Emile J. Henault, Jr., Esq.

Administrative Judge John R. Erck issued a decision, dated August 3, 2000, in which he concluded it is clearly consistent with the national interest to grant or continue a security clearance for Applicant. Department Counsel appealed. For the reasons set forth below, the Board reverses the Administrative Judge's decision.

This Board has jurisdiction on appeal under Executive Order 10865 and Department of Defense Directive 5220.6 (Directive), dated January 2, 1992, as amended.

Department Counsel's appeal presents the following issues: (1) whether the Administrative Judge's findings are supported by substantial record evidence; and (2) whether the Administrative Judge's decision is arbitrary, capricious, or contrary to law.

Procedural History

The Defense Office of Hearings and Appeals issued to Applicant a Statement of Reasons (SOR) dated September 28, 1999. The SOR was based on Guideline M (Misuse of Information Technology) and Guideline E (Personal Conduct).

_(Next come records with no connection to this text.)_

(* Let $k$ be a difference field of characteristic $0$ and $R=k\{y_1,\ldots,y_n\}$. Every radical well-mixed monomial $\sigma$-ideal $I$ of $R$ is generated by finitely many monomials as a radical well-mixed $\sigma$-ideal, i.e. $I=\langle F\rangle_r$ for some finite set $F$ of monomials.
   Context: A difference field is a field $k$ with a ring endomorphism $\sigma$; $R=k\{y_1,\ldots,y_n\}$ is the polynomial ring over $k$ in the variables $\sigma^j(y_i)$, with $\sigma$ extended naturally. For $p=\sum_ic_ix^i\in\mathbb{N}[x]$ and $a\in R$, $a^p=\prod_i(\sigma^i(a))^{c_i}$; monomials are $\mathbf{y}^{\mathbf{u}}=y_1^{u_1}\cdots y_n^{u_n}$ with $\mathbf{u}\in\mathbb{N}[x]^n$. A $\sigma$-ideal is an ideal stable under $\sigma$; monomial if generated by monomials; well-mixed if $ab\in I\Rightarrow a\sigma(b)\in I$. $\langle F\rangle_r$ is the smallest radical well-mixed $\sigma$-ideal containing $F$. *)

(* difference polynomial ring k{y_1..y_n} as the monoid
   algebra {malg k[cmonom ('I_n * nat)]}; the variable indexed by (i, j)
   stands for sigma^j(y_i). *)
From HB Require Import structures.
From mathcomp Require Import all_boot ssralg finmap.
From mathcomp.multinomials Require Import monalg.
Set Implicit Arguments. Unset Strict Implicit. Unset Printing Implicit Defensive.
Import GRing.Theory.
Local Open Scope ring_scope.

Section DiffPoly.
Variables (k : fieldType) (sigma : {rmorphism k -> k}) (n : nat).

Definition dvar := ('I_n * nat)%type.
(* monomials y^u, u in N[x]^n *)
Definition dmonom := cmonom dvar.
Definition dpoly := {malg k[dmonom]}.

Definition dX (v : dvar) : dpoly := << ucm v >>.
Definition dmon (m : dmonom) : dpoly := << m >>.

Definition dshift (m : dmonom) : dpoly :=
  \prod_(v <- finsupp (m : {fsfun _ -> nat with 0%N})) dX (v.1, v.2.+1) ^+ (m v).

Definition dsigma (p : dpoly) : dpoly := mmap (fun c => (sigma c)%:MP) dshift p.

Implicit Types (I J : dpoly -> Prop) (S : dpoly -> Prop).

Definition is_ideal I :=
  [/\ I 0, (forall a b, I a -> I b -> I (a + b)) & (forall r a, I a -> I (r * a))].

Definition is_sigma_ideal I := is_ideal I /\ (forall a, I a -> I (dsigma a)).

Definition well_mixed I := forall a b, I (a * b) -> I (a * dsigma b).

Definition radical I := forall a m, I (a ^+ m.+1) -> I a.

Definition ideal_gen S (p : dpoly) : Prop :=
  forall J, is_ideal J -> (forall q, S q -> J q) -> J p.

Definition rwm_gen S (p : dpoly) : Prop :=
  forall J, is_sigma_ideal J -> well_mixed J -> radical J ->
    (forall q, S q -> J q) -> J p.

Definition is_monomial_ideal I :=
  exists M : dmonom -> Prop,
    forall p, I p <-> ideal_gen (fun q => exists2 m, M m & q = dmon m) p.

End DiffPoly.

(* Let S be the set of monomials lying in I, and record for a monomial m and each
   i the bound 1 + max {j | sigma^j(y_i) divides m}.  By Dickson's lemma some
   finite F included in S has, below the profile of every m in S, the profile
   of some f in F.  Each variable sigma^j(y_i) of such an f can be shifted up to
   a variable sigma^j'(y_i) (j <= j') of m, since a well-mixed ideal containing
   a * b contains a * sigma(b); so m^(deg f) lies in <F>_r and, by radicality,
   so does m.
   As S generates I, this gives I included in <F>_r; the converse holds because
   I is itself a radical well-mixed sigma-ideal. *)

From HB Require Import structures.
From mathcomp Require Import all_boot ssralg finmap.
From mathcomp.multinomials Require Import monalg.
From Stdlib Require Import Classical.
Set Implicit Arguments. Unset Strict Implicit.
Import GRing.Theory.

Lemma all2_leq_behead (s1 s2 : seq nat) n :
  size s1 = n.+1 -> size s2 = n.+1 ->
  all2 leq s1 s2 = (head 0 s1 <= head 0 s2) && all2 leq (behead s1) (behead s2).
Proof. by case: s1 => // x1 s1; case: s2. Qed.

Lemma all2_leq_map (T : eqType) (F G : T -> nat) (s : seq T) :
  all2 leq (map F s) (map G s) -> forall x, x \in s -> F x <= G x.
Proof.
elim: s => [//|y s IH] /= /andP[Fy Fs] x; rewrite inE => /orP[/eqP ->//|].
exact: IH.
Qed.

Section Dickson.
Variable T : eqType.
Implicit Types (S : T -> Prop) (key : T -> seq nat).

Definition dickson_basis key S (F : seq T) :=
  (forall f, f \in F -> S f) /\
  (forall t, S t -> exists2 f, f \in F & all2 leq (key f) (key t)).

Definition dickson_property n := forall S key,
  (forall t, S t -> size (key t) = n) -> exists F, dickson_basis key S F.

Lemma dickson_property0 : dickson_property 0.
Proof.
move=> S key key0; have [[t0 St0]|noS] := classic (exists t, S t).
  exists [:: t0]; split=> [f|t St]; first by rewrite inE => /eqP ->.
  by exists t0; rewrite ?inE // (size0nil (key0 _ St0)) (size0nil (key0 _ St)).
by exists [::]; split=> // t St; case: noS; exists t.
Qed.

Section Step.
Variable n : nat.
Hypothesis dickson_n : dickson_property n.

Lemma dickson_head_below S key c : (forall t, S t -> size (key t) = n.+1) ->
  exists F, dickson_basis key (fun t => S t /\ head 0 (key t) < c) F.
Proof.
move=> keyS; elim: c => [|c [F [FS Fbasis]]]; first by exists [::]; split=> // t [].
pose Sc t := S t /\ head 0 (key t) = c.
have [Fc [FcS Fcbasis]] : exists Fc, dickson_basis (behead \o key) Sc Fc.
  by apply: dickson_n => t [St _] /=; rewrite size_behead keyS.
exists (Fc ++ F); split=> [f|t [St]].
  by rewrite mem_cat => /orP[/FcS[Sf <-]|/FS[Sf /ltnW]].
rewrite ltnS leq_eqVlt => /orP[/eqP tc|tc]; last first.
  by have [f fF ft] := Fbasis t (conj St tc); exists f; rewrite // mem_cat fF orbT.
have [f fFc ft] := Fcbasis t (conj St tc); have [Sf fc] := FcS f fFc.
exists f; first by rewrite mem_cat fFc.
by rewrite (all2_leq_behead (keyS _ Sf) (keyS _ St)) fc tc leqnn.
Qed.

Lemma dickson_propertyS : dickson_property n.+1.
Proof.
move=> S key keyS.
have [B [BS Bbasis]] : exists B, dickson_basis (behead \o key) S B.
  by apply: dickson_n => t St /=; rewrite size_behead keyS.
pose K := \max_(b <- B) head 0 (key b).
have [F [FS Fbasis]] := dickson_head_below K keyS.
exists (B ++ F); split=> [f|t St].
  by rewrite mem_cat => /orP[/BS|/FS[]].
have [tK|Kt] := ltnP (head 0 (key t)) K.
  by have [f fF ft] := Fbasis t (conj St tK); exists f; rewrite // mem_cat fF orbT.
have [f fB ft] := Bbasis t St; exists f; first by rewrite mem_cat fB.
rewrite (all2_leq_behead (keyS _ (BS _ fB)) (keyS _ St)) ft andbT.
by apply: leq_trans Kt; apply: (leq_bigmax_seq (P := xpredT)).
Qed.

End Step.

Lemma dickson n : dickson_property n.
Proof. by elim: n => [|n]; [apply: dickson_property0 | apply: dickson_propertyS]. Qed.

End Dickson.

Local Open Scope ring_scope.

Section DifferenceMonomials.
Variables (k : fieldType) (sigma : {rmorphism k -> k}) (n : nat).
Implicit Types (m f : dmonom n) (v w : dvar n).

Lemma dmon1 : dmon k (@mone (dmonom n)) = 1.
Proof. exact: mpolyC1E. Qed.

Lemma dmonM m1 m2 : dmon k (mmul m1 m2) = dmon k m1 * dmon k m2.
Proof. by rewrite /dmon malgM_def fgmulUU mulr1. Qed.

Lemma dsigma_dX (i : 'I_n) j : dsigma sigma (dX k (i, j)) = dX k (i, j.+1).
Proof.
rewrite /dsigma /mmap msuppU1 big_seq_fset1 mcoeffU1 eqxx rmorph1 mpolyC1E mul1r.
by rewrite /dshift mdomU big_seq_fset1 cmUU.
Qed.

Lemma ucm_divcmK m w : w \in finsupp m -> mmul (ucm w) (divcm m (ucm w)) = m.
Proof.
move=> wm; apply/eqP/cmP => v; rewrite cmM divcmE cmU.
case: eqP => [<-|_]; last by rewrite add0n subn0.
by rewrite add1n subn1 prednK // lt0n cmE_neq0.
Qed.

Definition dominated f m := forall v, v \in finsupp f ->
  exists2 w, w \in finsupp m & w.1 = v.1 /\ (v.2 <= w.2)%N.

Lemma dominated_divcm f m u : dominated f m -> dominated (divcm f u) m.
Proof.
move=> fm v; rewrite -cmE_neq0 divcmE => vfu; apply: fm.
by rewrite -cmE_neq0; apply: contraNneq vfu => ->.
Qed.

Section WellMixedIdeal.
Variable J : dpoly k n -> Prop.
Hypotheses (J_ideal : is_ideal J) (J_wm : well_mixed sigma J).

Lemma idealMl r a : J a -> J (r * a).
Proof. by case: J_ideal => _ _; apply. Qed.

Lemma well_mixed_shift q (i : 'I_n) j j' : (j <= j')%N ->
  J (q * dX k (i, j)) -> J (q * dX k (i, j')).
Proof.
move=> /subnK <-; elim: (j' - j)%N => [|d IH] Jq; first by rewrite add0n.
by rewrite addSn -dsigma_dX; apply/J_wm/IH.
Qed.

Lemma well_mixed_dominated f m p : dominated f m ->
  J (p * dmon k f) -> J (p * dmon k m ^+ mdeg f).
Proof.
move=> fm Jf; move degf: (mdeg f) => d.
elim: d f p degf fm Jf => [|d IH] f p degf fm Jf.
  by rewrite expr0; move: Jf; rewrite (mdeg_eq0I degf) dmon1.
have /fset0Pn [v vf] : finsupp f != fset0.
  by apply/eqP => suppf0; move: degf; rewrite mdegE suppf0 big_seq_fset0.
have deff := ucm_divcmK vf; set g := divcm f (ucm v) in deff.
have degg : mdeg g = d by move: degf; rewrite -deff mdegM mdegU add1n => -[].
have := IH g (p * dX k v) degg (dominated_divcm fm).
rewrite -mulrA -dmonM deff => /(_ Jf); rewrite mulrAC.
have [w wm [w1 w2]] := fm v vf; case: v {vf deff g degg} w1 w2 => i j /= <- w2.
move=> /(well_mixed_shift w2); rewrite -surjective_pairing.
have -> : p * dmon k m ^+ d.+1 = p * dmon k m ^+ d * dX k w * dmon k (divcm m (ucm w)).
  by rewrite -mulrA -[dX k w]/(dmon k (ucm w)) -dmonM (ucm_divcmK wm) -mulrA -exprSr.
by move=> Jw; rewrite mulrC; apply: idealMl.
Qed.

Lemma radical_well_mixed_dominated f m : radical J -> dominated f m ->
  J (dmon k f) -> J (dmon k m).
Proof.
move=> J_rad fm Jf; apply: (J_rad _ (mdeg f)); rewrite exprS; apply: idealMl.
by rewrite -[dmon k m ^+ _]mul1r; apply: well_mixed_dominated fm _; rewrite mul1r.
Qed.

End WellMixedIdeal.
End DifferenceMonomials.

Section ShiftProfile.
Variable n : nat.
Implicit Types (m f : dmonom n).

Definition shift_bound m (i : 'I_n) : nat :=
  (\max_(w <- finsupp m | w.1 == i) w.2.+1)%N.

Definition shift_profile m : seq nat := map (shift_bound m) (enum 'I_n).

Lemma size_shift_profile m : size (shift_profile m) = n.
Proof. by rewrite size_map size_enum_ord. Qed.

Lemma shift_profile_dominated f m :
  all2 leq (shift_profile f) (shift_profile m) -> dominated f m.
Proof.
move=> /all2_leq_map fm v vf.
have vm : (v.2 < shift_bound m v.1)%N.
  apply: leq_trans (fm _ (mem_enum _ _)).
  exact: (leq_bigmax_seq (P := fun w : dvar n => w.1 == v.1) (F := fun w => w.2.+1)).
have /hasP[w wm /andP[/eqP w1 w2]] :
    has (fun w : dvar n => (w.1 == v.1) && (v.2 <= w.2)%N) (finsupp m).
  apply: contraLR vm => /hasPn vm; rewrite -leqNgt.
  by apply/bigmax_leqP_seq => w wm /eqP w1; move: (vm w wm); rewrite w1 eqxx ltnNge.
by exists w.
Qed.

End ShiftProfile.

Theorem corollary5p6 (k : fieldType) (sigma : {rmorphism k -> k}) (n : nat)
  (char0 : [pchar k] =i pred0) (I : dpoly k n -> Prop) :
  is_sigma_ideal sigma I -> well_mixed sigma I -> radical I ->
  is_monomial_ideal I ->
  exists F : seq (dmonom n),
    forall p, I p <-> rwm_gen sigma (fun q => exists2 m, m \in F & q = @dmon k n m) p.
Proof.
move=> [I_ideal I_sigma] I_wm I_rad [M IM].
have [F [FI Fbasis]] :=
  @dickson _ n (fun m => I (dmon k m)) (@shift_profile n) (fun m _ => size_shift_profile m).
exists F => p; split=> [Ip J [J_ideal _] J_wm J_rad FJ|].
  apply: ((IM p).1 Ip J J_ideal) => _ [m Mm ->].
  have Im : I (dmon k m) by apply/IM => J' _; apply; exists m.
  have [f fF fm] := Fbasis m Im.
  apply: (radical_well_mixed_dominated J_ideal J_wm J_rad (shift_profile_dominated fm)).
  by apply: FJ; exists f.
by move/(_ I (conj I_ideal I_sigma) I_wm I_rad); apply=> _ [m mF ->]; apply: FI.
Qed.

A hearing was held on May 25, 2000. The Administrative Judge issued a written decision dated August 3, 2000 in which he concluded it is clearly consistent with the national interest to grant or continue a security clearance for Applicant. The case is before the Board on Department Counsel's appeal from the Judge's favorable security clearance decision.

Appeal Issues

1. Whether the Administrative Judge's findings are supported by substantial record evidence. Department Counsel's appeal brief (pp. 10-14) quotes extensive passages from the Administrative Judge's decision and then asserts without elaboration or supporting argumentation that "[t]he record evidence does not support the Administrative Judge's findings of fact." Department Counsel's cursory assertion of factual error lacks specificity. The Board will consider only those claims of factual error that Department Counsel raises with specificity. See ISCR Case No. 99-0295 (October 20, 2000) at pp. 3-4 (explaining why blanket assertions of factual error are inadequate).

Department Counsel specifically contends the record evidence does not support the following findings by the Administrative Judge: (a) Applicant's installation of a Trojan Horse program on a defense agency (hereinafter "Agency") computer system was authorized; (b) Applicant was unaware that his conduct violated Agency rules; and (c) Applicant had never been briefed about the rules, regulations, and guidelines that pertained to Agency computer systems, and he had never seen a copy of the Agency computer security regulations until the hearing. (1)

On appeal, the Board must determine whether "[t]he Administrative Judge's findings of fact are supported by such relevant evidence as a reasonable mind might accept as adequate to support a conclusion in light of all the contrary evidence in the same record. In making this review, the Appeal Board shall give deference to the credibility determinations of the Administrative Judge." Directive, Additional Procedural Guidance, Item E3.1.32.1. The presence of conflicting record evidence does not diminish a Judge's fact-finding responsibility. When the record contains conflicting evidence, the Judge must carefully weigh the evidence in a reasonable, common sense manner and make findings that reflect a reasonable interpretation of the evidence that takes into account all the record evidence. Accordingly, the Board must consider not only whether there is record evidence supporting a Judge's findings, but also whether there is evidence that fairly detracts from the weight of the evidence supporting those findings. See, e.g., ISCR Case No. 99-0205 (October 19, 2000) at p. 2.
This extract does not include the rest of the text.